In 2019 we launched Recorder, an audio recording app for Pixel telephones that helps customers create, handle, and edit audio recordings. It leverages current developments in on-device machine studying to transcribe speech, acknowledge audio occasions, recommend tags for titles, and assist customers navigate transcripts.

Nonetheless, some Recorder customers discovered it tough to navigate lengthy recordings which have a number of audio system as a result of it isn’t clear who stated what. Throughout the Made By Google occasion this 12 months, we introduced the “speaker labels” function for the Recorder app. This opt-in function annotates a recording transcript with distinctive and nameless labels for every speaker (e.g., “Speaker 1”, “Speaker 2”, and so forth.) in actual time in the course of the recording. It considerably improves the readability and usefulness of the recording transcripts. This function is powered by Google’s new speaker diarization system named Flip-to-Diarize, which was first introduced at ICASSP 2022.

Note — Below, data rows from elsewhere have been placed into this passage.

Lemma D_first_step_error tau x Vv Av : 0 < tau <= T -> a <= x <= b ->
  dirac_eq eps Vv Av (D 1 0 0 x) (D 0 1 0 x) (D 0 0 0 x) ->
  vnorm (vsub (D 0 0 tau x) (first_step eps tau Vv Av (D 0 0 0 x) (D 0 1 0 x)))
    <= 5 * K * (tau ^ 2 / eps ^ 2).
Proof.
  intros Htau Hx Hpde; apply dirac_eq_iff_residual in Hpde.
  rewrite (first_step_split _ _ _ _ _ _ (D 1 0 0 x)), Hpde.
  replace (vscal (0, - tau) vzero) with vzero by vring; rewrite vadd_vzero.
  eapply Rle_trans; [apply vnorm_add_le|].
  assert (H1 : vnorm (vsub (vsub (D 0 0 tau x) (D 0 0 0 x)) (vrscal tau (D 1 0 0 x))) <= K / eps ^ 2 * tau ^ 2).
  { replace tau with (tau - 0) at 2 by ring; replace (tau ^ 2) with ((tau - 0) ^ 2) by ring.
    apply (taylor1_error 0 T (fun s => D 0 0 s x) (fun s => D 1 0 s x)); try lra.
    - apply Rdiv_le_0_compat; [lra|apply pow_lt, Heps].
    - apply D_tderiv; auto; lia.
    - apply (lipbnd_of_deriv_le 0 T _ (fun s => D 2 0 s x)); [apply D_tderiv; auto; lia|].
      intros s Hs; apply D_sup; auto; lia. }
  assert (H2 : vnorm (vadd (sigma1 (D 0 1 0 x)) (vscal Ci (sigma3 (D 0 0 0 x)))) <= 2 * K).
  { eapply Rle_trans; [apply vnorm_add_le|]; rewrite vnorm_sigma1, vnorm_scal, Cmod_Ci, vnorm_sigma3.
    pose proof (D_sup 0 1 0 x ltac:(lia) ltac:(lia) ltac:(lra) Hx);
    pose proof (D_sup 0 0 0 x ltac:(lia) ltac:(lia) ltac:(lra) Hx); simpl in *; rewrite Rdiv_1_r in *; lra. }
  pose proof (Rabs_sin_sub_le (tau / eps) ltac:(apply Rdiv_le_0_compat; lra)) as H3.
  rewrite vnorm_rscal.
  assert (Rabs (sin (tau / eps) - tau / eps) * vnorm (vadd (sigma1 (D 0 1 0 x)) (vscal Ci (sigma3 (D 0 0 0 x))))
          <= 2 * (tau / eps) ^ 2 * (2 * K)) by (apply Rmult_le_compat; auto using Rabs_pos, vnorm_ge0).
  replace (5 * K * (tau ^ 2 / eps ^ 2)) with (K / eps ^ 2 * tau ^ 2 + 2 * (tau / eps) ^ 2 * (2 * K))
    by (field; lra).
  lra.
Qed.

End ExactSolution.

(** * Convergence *)

Section Convergence.

Variables (a b T K eps m tau : R) (M : nat) (D : nat -> nat -> R -> R -> V2) (V A : R -> R -> R)
  (U : nat -> nat -> V2).
Hypothesis Hab : a < b.
Hypothesis Heps : 0 < eps <= 1.
Hypothesis HK : 0 <= K.
Hypothesis Hreg : regA a b T D.
Hypothesis Hbnd : forall r t, (r <= 3)%nat -> 0 <= t <= T ->
  Wbnd (3 - r) a b (fun s => D r s t) (K / eps ^ r).
Hypothesis Hpde : forall t x, 0 <= t <= T -> a <= x <= b ->
  dirac_eq eps (V t x) (A t x) (D 1 0 t x) (D 0 1 t x) (D 0 0 t x).
Hypothesis Hm : forall t x, 0 <= t <= T -> a <= x <= b -> Rabs (V t x) + Rabs (A t x) <= m.
Hypothesis HM : (1 <= M)%nat.
Hypothesis Htau : 0 < tau.
Hypothesis Htau_small : tau * (1 + 4 * m ^ 2) <= 1 / 2.
Hypothesis HU0 : forall j, (j < M)%nat -> U 0%nat j = D 0 0 0 (gridx a b M j).
Hypothesis HU1 : forall j, (j < M)%nat -> U 1%nat j =
  first_step eps tau (V 0 (gridx a b M j)) (A 0 (gridx a b M j))
    (D 0 0 0 (gridx a b M j)) (D 0 1 0 (gridx a b M j)).
Hypothesis HU : forall n j, (1 <= n)%nat -> INR (S n) * tau <= T -> (j < M)%nat ->
  sifd2_eq eps tau (meshh a b M) M (V (INR n * tau) (gridx a b M j)) (A (INR n * tau) (gridx a b M j))
    (U (n - 1)%nat) (U n) (U (S n)) j.

Let h := meshh a b M.
Let X := h ^ 2 / eps + tau ^ 2 / eps ^ 3.
Let sol (t : R) (k : nat) : V2 := D 0 0 t (gridx a b M k).
Let err (n j : nat) : V2 := vsub (sol (INR n * tau) j) (U n j).
Let energy (k : nat) : R := sqsum M (err (S k)) + sqsum M (err k).

Lemma KX_ge0 : 0 <= K * X.
Proof.
  assert (0 <= h ^ 2 / eps) by (apply Rdiv_le_0_compat; [apply pow2_ge_0|lra]).
  assert (0 <= tau ^ 2 / eps ^ 3) by (apply Rdiv_le_0_compat; [apply pow2_ge_0|apply pow_lt; lra]).
  apply Rmult_le_pos; unfold X; lra.
Qed.

Lemma err_defect n j : (1 <= n)%nat -> INR (S n) * tau <= T -> (j < M)%nat ->
  sifd2_defect eps tau h M (V (INR n * tau) (gridx a b M j)) (A (INR n * tau) (gridx a b M j))
    (err (n - 1)) (err n) (err (S n)) j
  = sifd2_defect eps tau h M (V (INR n * tau) (gridx a b M j)) (A (INR n * tau) (gridx a b M j))
    (sol (INR (n - 1) * tau)) (sol (INR n * tau)) (sol (INR (S n) * tau)) j.
Proof.
  intros Hn HnT Hj; unfold err; etransitivity; [apply sifd2_defect_sub|].
  etransitivity; [apply f_equal, (proj1 (sifd2_eq_iff_defect _ _ _ _ _ _ _ _ _ _) (HU n j Hn HnT Hj))|].
  apply vsub_vzero.
Qed.

Lemma err_defect_le n j : (1 <= n)%nat -> INR (S n) * tau <= T -> (j < M)%nat ->
  vnorm (sifd2_defect eps tau h M (V (INR n * tau) (gridx a b M j)) (A (INR n * tau) (gridx a b M j))
           (err (n - 1)) (err n) (err (S n)) j) <= 5 * K * X.
Proof.
  intros Hn HnT Hj; rewrite err_defect by assumption.
  set (t := INR n * tau).
  replace (INR (n - 1) * tau) with (t - tau) by (unfold t; rewrite minus_INR by lia; simpl; ring).
  replace (INR (S n) * tau) with (t + tau) in * by (unfold t; rewrite S_INR; ring).
  assert (0 <= t - tau) by (unfold t; pose proof (le_INR 1 n ltac:(lia)); simpl in *; nra).
  eapply Rle_trans.
  { apply (D_sifd2_defect_le a b T K eps D (proj1 Heps) HK Hreg Hbnd); auto; try lra.
    apply Hpde; [lra|apply (gridx_in a b M Hab HM j Hj)]. }
  pose proof KX_ge0; fold h X; lra.
Qed.

Lemma err_energy_step k : (1 <= k)%nat -> INR (S k) * tau <= T ->
  energy k - energy (k - 1) <= tau * (1 + 4 * m ^ 2) * (energy k + energy (k - 1))
                               + tau * (4 * (INR M * (5 * K * X) ^ 2)).
Proof.
  intros Hk HkT.
  assert (Ht : 0 <= INR k * tau <= T)
    by (split; [apply Rmult_le_pos; [apply pos_INR|lra]|rewrite S_INR in HkT; lra]).
  set (xi j := sifd2_defect eps tau h M (V (INR k * tau) (gridx a b M j)) (A (INR k * tau) (gridx a b M j))
                 (err (k - 1)) (err k) (err (S k)) j).
  pose proof (sifd2_energy_step eps tau h M m (fun j => V (INR k * tau) (gridx a b M j))
    (fun j => A (INR k * tau) (gridx a b M j)) (err (k - 1)) (err k) (err (S k)) xi HM Htau (proj1 Heps)
    (fun j Hj => Hm _ _ Ht (gridx_in a b M Hab HM j Hj)) (fun j Hj => eq_refl)) as Hs.
  assert (Hxi : sqsum M xi <= INR M * (5 * K * X) ^ 2).
  { apply sqsum_le; [pose proof KX_ge0; lra|intros j Hj; apply (err_defect_le k j); assumption]. }
  unfold energy; replace (S (k - 1)) with k by lia.
  set (s1 := sqsum M (err (S k))) in *; set (s0 := sqsum M (err k)) in *;
    set (sm := sqsum M (err (k - 1))) in *.
  assert (0 <= s1 /\ 0 <= s0 /\ 0 <= sm) as [? [? ?]] by (repeat split; apply sqsum_ge0).
  assert (4 * m ^ 2 * s0 + s1 + sm <= (1 + 4 * m ^ 2) * (s1 + s0 + (s0 + sm)))
    by (pose proof (pow2_ge_0 m); nra).
  assert (tau * (4 * m ^ 2 * s0 + s1 + sm) <= tau * ((1 + 4 * m ^ 2) * (s1 + s0 + (s0 + sm))))
    by (apply Rmult_le_compat_l; lra).
  assert (4 * tau * sqsum M xi <= tau * (4 * (INR M * (5 * K * X) ^ 2))) by nra.
  lra.
Qed.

Left: Recorder transcript with out speaker labels. Proper: Recorder transcript with speaker labels.

System Structure

Our speaker diarization system leverages a number of extremely optimized machine studying fashions and algorithms to permit diarizing hours of audio in a real-time streaming trend with restricted computational sources on cell units. The system primarily consists of three parts: a speaker flip detection mannequin that detects a change of speaker within the enter speech, a speaker encoder mannequin that extracts voice traits from every speaker flip, and a multi-stage clustering algorithm that annotates speaker labels to every speaker flip in a extremely environment friendly method. All parts run absolutely on the gadget.

Structure of the Flip-to-Diarize system.

Detecting Speaker Turns

The primary part of our system is a speaker flip detection mannequin based mostly on a Transformer Transducer (T-T), which converts the acoustic options into textual content transcripts augmented with a particular token <st> representing a speaker flip. In contrast to previous custom-made programs that use role-specific tokens (e.g., <physician> and <affected person>) for conversations, this mannequin is extra generic and could be skilled on and deployed to numerous utility domains.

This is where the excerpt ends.